Q:
Question about correct winter tilt, which is latitude +15°. Let’s say April for my location is latitude 57°, would the correct angle be 42° or 72°? I would think 42° is correct with the sun less over head in winter?
A:
The latitude +15 tilt angle for winter optimization is not an exact science.
If we were setting a PV system up on the North Pole, then we would have to tilt the system facing the ground. If we were at the equator, what 15 would we go towards, north or south.
It was a general "rule of thumb" that was most commonly used in the pre-computer age (where we came from).
Another thing that gets me here is the definition of winter. I don't like it from a solar perspective. Winter starts on the shortest day of the year. Shouldn't the shortest day of the year be the middle of winter? Should the end of winter (about 3/20) be half way between the shortest and the longest day of the year?

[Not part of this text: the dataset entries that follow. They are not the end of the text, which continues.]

Lemma antipolar_nearly_orthogonal Om a l :
  prop_i Om -> l > 1 -> (forall psi, antipolar Om psi -> pairing psi a >= l) ->
  ~ interior Om a ->
  forall e, 0 < e -> exists psi, antipolar Om psi /\ pairing psi a ^ 2 < e * norm2 psi.
Proof.
  intros Hi Hl Hge Hni e He; apply NNPP; intros Hno; apply Hni; rewrite <- (bipolar Om Hi).
  assert (Hl' : 0 < 1 - / l < 1).
  { assert (/ l < 1) by (apply (Rmult_lt_reg_l l); [lra|]; rewrite Rinv_r by lra; lra).
    pose proof (Rinv_0_lt_compat l ltac:(lra)); lra. }
  apply (interior_antipolar_of_margin _ _ (e * (1 - / l) ^ 2)).
  { apply Rmult_lt_0_compat; [easy|]; apply pow_lt; lra. }
  intros psi Hpsi; specialize (Hge psi Hpsi); split; [lra|].
  assert (e * norm2 psi <= pairing psi a ^ 2)
    by (apply Rnot_lt_le; intros Hlt; apply Hno; now exists psi).
  assert (Hlinv : l * / l = 1) by (field; lra).
  assert (0 <= (1 - / l) * pairing psi a <= pairing psi a - 1) by (split; nra).
  assert ((1 - / l) ^ 2 * pairing psi a ^ 2 <= (pairing psi a - 1) ^ 2) by nra.
  assert (e * norm2 psi * (1 - / l) ^ 2 <= pairing psi a ^ 2 * (1 - / l) ^ 2)
    by (apply Rmult_le_compat_r; [apply pow2_ge_0|easy]).
  lra.
Qed.
Lemma dg_mx_xi (c : F) : dg_mx c *m xi_mx F = xi_mx F *m dg_mx c^-1.
Proof. by mx2_simpl. Qed.

Lemma tr_dg_mx (c : F) : (dg_mx c)^T = dg_mx c.
Proof. by mx2_simpl. Qed.

Lemma tr_xi_mx : (xi_mx F)^T = xi_mx F.
Proof. by mx2_simpl. Qed.

Lemma invmx_dg (c : F) : c != 0 -> invmx (dg_mx c) = dg_mx c^-1.
Proof. by move=> c0; apply: mulmx1_invmx; rewrite dg_mxM divff // dg_mx1. Qed.

Lemma xi_dg_mxE (c : F) : xi_mx F *m dg_mx c =
  \matrix_(i < 2, j < 2) (if i == j then 0 else if i == 0 then c^-1 else c).
Proof. by mx2_simpl. Qed.

Lemma xi_dg_mxK (c : F) : c != 0 ->
  (xi_mx F *m dg_mx c) *m (xi_mx F *m dg_mx c) = 1%:M.
Proof.
move=> c0; rewrite mulmxA -(mulmxA _ (dg_mx c)) dg_mx_xi mulmxA xi_mxK mul1mx.
by rewrite dg_mxM mulVf // dg_mx1.
Qed.

Lemma invmx_tr_xi_dg (c : F) : c != 0 ->
  invmx (xi_mx F *m dg_mx c)^T = xi_mx F *m dg_mx c^-1.
Proof.
move=> c0; rewrite trmx_mul tr_dg_mx tr_xi_mx dg_mx_xi.
by apply: mulmx1_invmx; rewrite xi_dg_mxK ?invr_eq0.
Qed.

Lemma O2plusP g : O2plus g ->
  exists2 c : F, c != 0 & g = dg_mx c \/ g = xi_mx F *m dg_mx c.
Proof.
elim=> {g}.
- by exists 1; rewrite ?oner_neq0 // dg_mx1 mulmx1; right.
- by move=> c c0; exists c => //; left.
- by exists 1; rewrite ?oner_neq0 // dg_mx1; left.
- move=> g h _ [c c0 [->|->]] _ [d d0 [->|->]].
  + by exists (c * d); [rewrite mulf_neq0 | left; rewrite dg_mxM].
  + exists (c^-1 * d); first by rewrite mulf_neq0 ?invr_eq0.
    by right; rewrite mulmxA dg_mx_xi -mulmxA dg_mxM.
  + by exists (c * d); [rewrite mulf_neq0 | right; rewrite -mulmxA dg_mxM].
  + exists (c^-1 * d); first by rewrite mulf_neq0 ?invr_eq0.
    left; rewrite -mulmxA (mulmxA (dg_mx c)) dg_mx_xi -!mulmxA dg_mxM.
    by rewrite mulmxA xi_mxK mul1mx.
- move=> g _ [c c0 [->|->]].
  + by exists c^-1; [rewrite invr_eq0 | left; rewrite invmx_dg].
  + by exists c => //; right; apply: mulmx1_invmx; rewrite xi_dg_mxK.
Qed.

End O2Elements.

Section Action.
Variable F : fieldType.
Local Notation P4 := {mpoly F[4]}.
Local Notation X1 := ('X_vx1 : P4).
Local Notation X2 := ('X_vx2 : P4).
Local Notation Y1 := ('X_vy1 : P4).
Local Notation Y2 := ('X_vy2 : P4).

Definition xmon (a b c d : nat) : P4 := X1 ^+ a * X2 ^+ b * Y1 ^+ c * Y2 ^+ d.

Definition orbit_sum (a b c d : nat) : P4 := xmon a b c d + xmon b a d c.

Definition dg_factor (c : F) (a b cc d : nat) : F := c ^+ (a + d) / c ^+ (b + cc).

Lemma mpolyX_xmon (m : 'X_{1..4}) : 'X_[m] = xmon (m vx1) (m vx2) (m vy1) (m vy2).
Proof.
rewrite mpolyXE_id !big_ord_recl big_ord0 mulr1 /xmon !mulrA.
have -> : vx1 = ord0 by apply/val_inj; rewrite /= inordK.
have -> : vx2 = lift ord0 ord0 by apply/val_inj; rewrite /= inordK.
have -> : vy1 = lift ord0 (lift ord0 ord0) by apply/val_inj; rewrite /= inordK.
suff -> : vy2 = lift ord0 (lift ord0 (lift ord0 ord0)) by [].
by apply/val_inj; rewrite /= inordK.
Qed.

Lemma act_xmon (g : 'M[F]_2) a b cc d : act g (xmon a b cc d) =
  act g X1 ^+ a * act g X2 ^+ b * act g Y1 ^+ cc * act g Y2 ^+ d.
Proof. by rewrite /act /xmon !rmorphM !rmorphXn. Qed.

Lemma actD (g : 'M[F]_2) (u v : P4) : act g (u + v) = act g u + act g v.
Proof. exact: raddfD. Qed.

Lemma act_X1 (g : 'M[F]_2) : act g X1 = g 0 0 *: X1 + g 0 1 *: X2.
Proof. by rewrite /act comp_mpolyXU /vx1 inordK. Qed.

Lemma act_X2 (g : 'M[F]_2) : act g X2 = g 1 0 *: X1 + g 1 1 *: X2.
Proof. by rewrite /act comp_mpolyXU /vx2 inordK. Qed.
(* For each positive integer $k$, let $z^{m}_k$ be the optimal value of the linear program \[ \max \sum_{j=1}^k\alpha_j \ \text{ s.t. } f+\sum_{j=1}^k d_j\le 1;\ \alpha_j\le\alpha_{j+1}\ (1\le j<k);\ \alpha_j\le\alpha_l+d_j+d_l\ (1\le j,l\le k);\ x_{jl}\ge\alpha_j-d_l\ (1\le j\le l\le k);\ \sum_{l=j}^k x_{jl}\le f\ (1\le j\le k);\ \alpha_j,d_j,f,x_{jl}\ge0, \] and let $x^{m}_k$ be the optimal value of the linear program obtained from it by imposing the constraint $x_{jl}\ge\alpha_j-d_l$ only for $1\le j<l\le k$ (the variables $x_{jj}$ still appear in $\sum_{l=j}^k x_{jl}\le f$ and are only required to be non-negative). Then $\sup_{k \ge 1} z^{m}_k = \inf_{k\ge1} x^{m}_k$. *)

From HB Require Import structures.
From mathcomp Require Import all_boot all_order all_algebra.
From mathcomp Require Import boolp classical_sets reals constructive_ereal ereal.
Set Implicit Arguments. Unset Strict Implicit. Unset Printing Implicit Defensive.
Import Order.TTheory GRing.Theory Num.Theory.
Local Open Scope ring_scope.
Local Open Scope classical_set_scope.

(* Indices 1..k of the paper are the ordinals 0..k-1 of 'I_k.
   [diag = true]  : constraint x_jl >= alpha_j - d_l for j <= l (program z^m_k)
   [diag = false] : constraint x_jl >= alpha_j - d_l for j <  l (program x^m_k).
   Variables x_jl with j > l are not part of the program; they appear in no
   constraint nor in the objective. *)
Definition lp_feasible (R : realType) (k : nat) (diag : bool)
  (alpha d : 'I_k -> R) (f : R) (x : 'I_k -> 'I_k -> R) : Prop :=
  [/\ f + \sum_(j < k) d j <= 1,
      (forall j l : 'I_k, val l = (val j).+1 -> alpha j <= alpha l),
      (forall j l : 'I_k, alpha j <= alpha l + d j + d l) &
      (forall j l : 'I_k, (if diag then (j <= l)%N else (j < l)%N) ->
                          alpha j - d l <= x j l)] /\
  [/\ (forall j : 'I_k, \sum_(l < k | (j <= l)%N) x j l <= f),
      (forall j, 0 <= alpha j), (forall j, 0 <= d j), 0 <= f &
      (forall j l : 'I_k, (j <= l)%N -> 0 <= x j l)].

Definition lp_value (R : realType) (k : nat) (diag : bool) : \bar R :=
  ereal_sup [set r : \bar R | exists alpha d f x,
     @lp_feasible R k diag alpha d f x /\ r = (\sum_(j < k) alpha j)%:E].

Definition zm (R : realType) (k : nat) : \bar R := lp_value R k true.
Definition xm (R : realType) (k : nat) : \bar R := lp_value R k false.

From HB Require Import structures.
From mathcomp Require Import all_boot all_order all_algebra.
From mathcomp Require Import boolp classical_sets reals constructive_ereal ereal.
From mathcomp Require Import ring lra zify.
Set Implicit Arguments. Unset Strict Implicit. Unset Printing Implicit Defensive.
Import Order.TTheory GRing.Theory Num.Theory.
Local Open Scope ring_scope.

(* Replicating every index of a solution of the z-program m times (scaling
   alpha, d and x by 1/m) and then merging consecutive groups of k indices
   turns a z-solution of size k into an x-solution of size m with the same
   objective, so z^m_k <= x^m_m for all k, m.
   Conversely, in an x-solution of size 2n the constraints x_jl >= alpha_j - d_l
   with l in the second half give n alpha_j <= f + sum d for j in the first
   half; averaging alpha_j <= alpha_l + d_j + d_l over l in the first half
   bounds every alpha_j - d_j by some c with n c <= 2 (f + sum d).  Taking
   x_jj := c, raising f to f + c and rescaling by n / (n + 2) gives a
   z-solution, so x^m_2n <= (n + 2) / n sup z^m, and sup z^m is finite since
   x^m_2 <= 5. *)

Section OrdBlocks.
Variables m b : nat.

Lemma ord_block_subproof (J : 'I_m) (i : 'I_b) : (J * b + i < m * b)%N.
Proof. have := ltn_ord J; have := ltn_ord i; nia. Qed.

Definition ord_block (J : 'I_m) (i : 'I_b) : 'I_(m * b) :=
  Ordinal (ord_block_subproof J i).

Lemma block_subproof (p : 'I_(m * b)) : (p %/ b < m)%N.
Proof.
case: b p => [|b'] p; first by case: p => ?; rewrite muln0.
by rewrite ltn_divLR.
Qed.

Definition block (p : 'I_(m * b)) : 'I_m := Ordinal (block_subproof p).

Lemma ord_blockK (J : 'I_m) (i : 'I_b) : block (ord_block J i) = J.
Proof.
apply: val_inj; rewrite /= divnMDl ?divn_small ?addn0 //.
exact: leq_ltn_trans (ltn_ord i).
Qed.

For an off-grid system, where you want to optimize for those shorter days when the sun is lower in places where most people here live (latitudes between the tropic of cancer 23.5 degrees and 40 or so degrees) I think that the latitude plus 15 tilt is a good practice for the most part. Best is to check it out on software and see how to maximize your production with some software, such as PV watts. Even though PV Watts is not for batteries, it is a simple way of giving us some good info about the insolation of different months at different tilt angles.
There are many more variables than what the latitude plus 15 rule of thumb gives us, but it is a good place to start. Most people in the world live between the tropic of cancer and the arctic circle, so not a bad place to go with latitude plus 15 if you don't have a supercomputer from NREL working for you.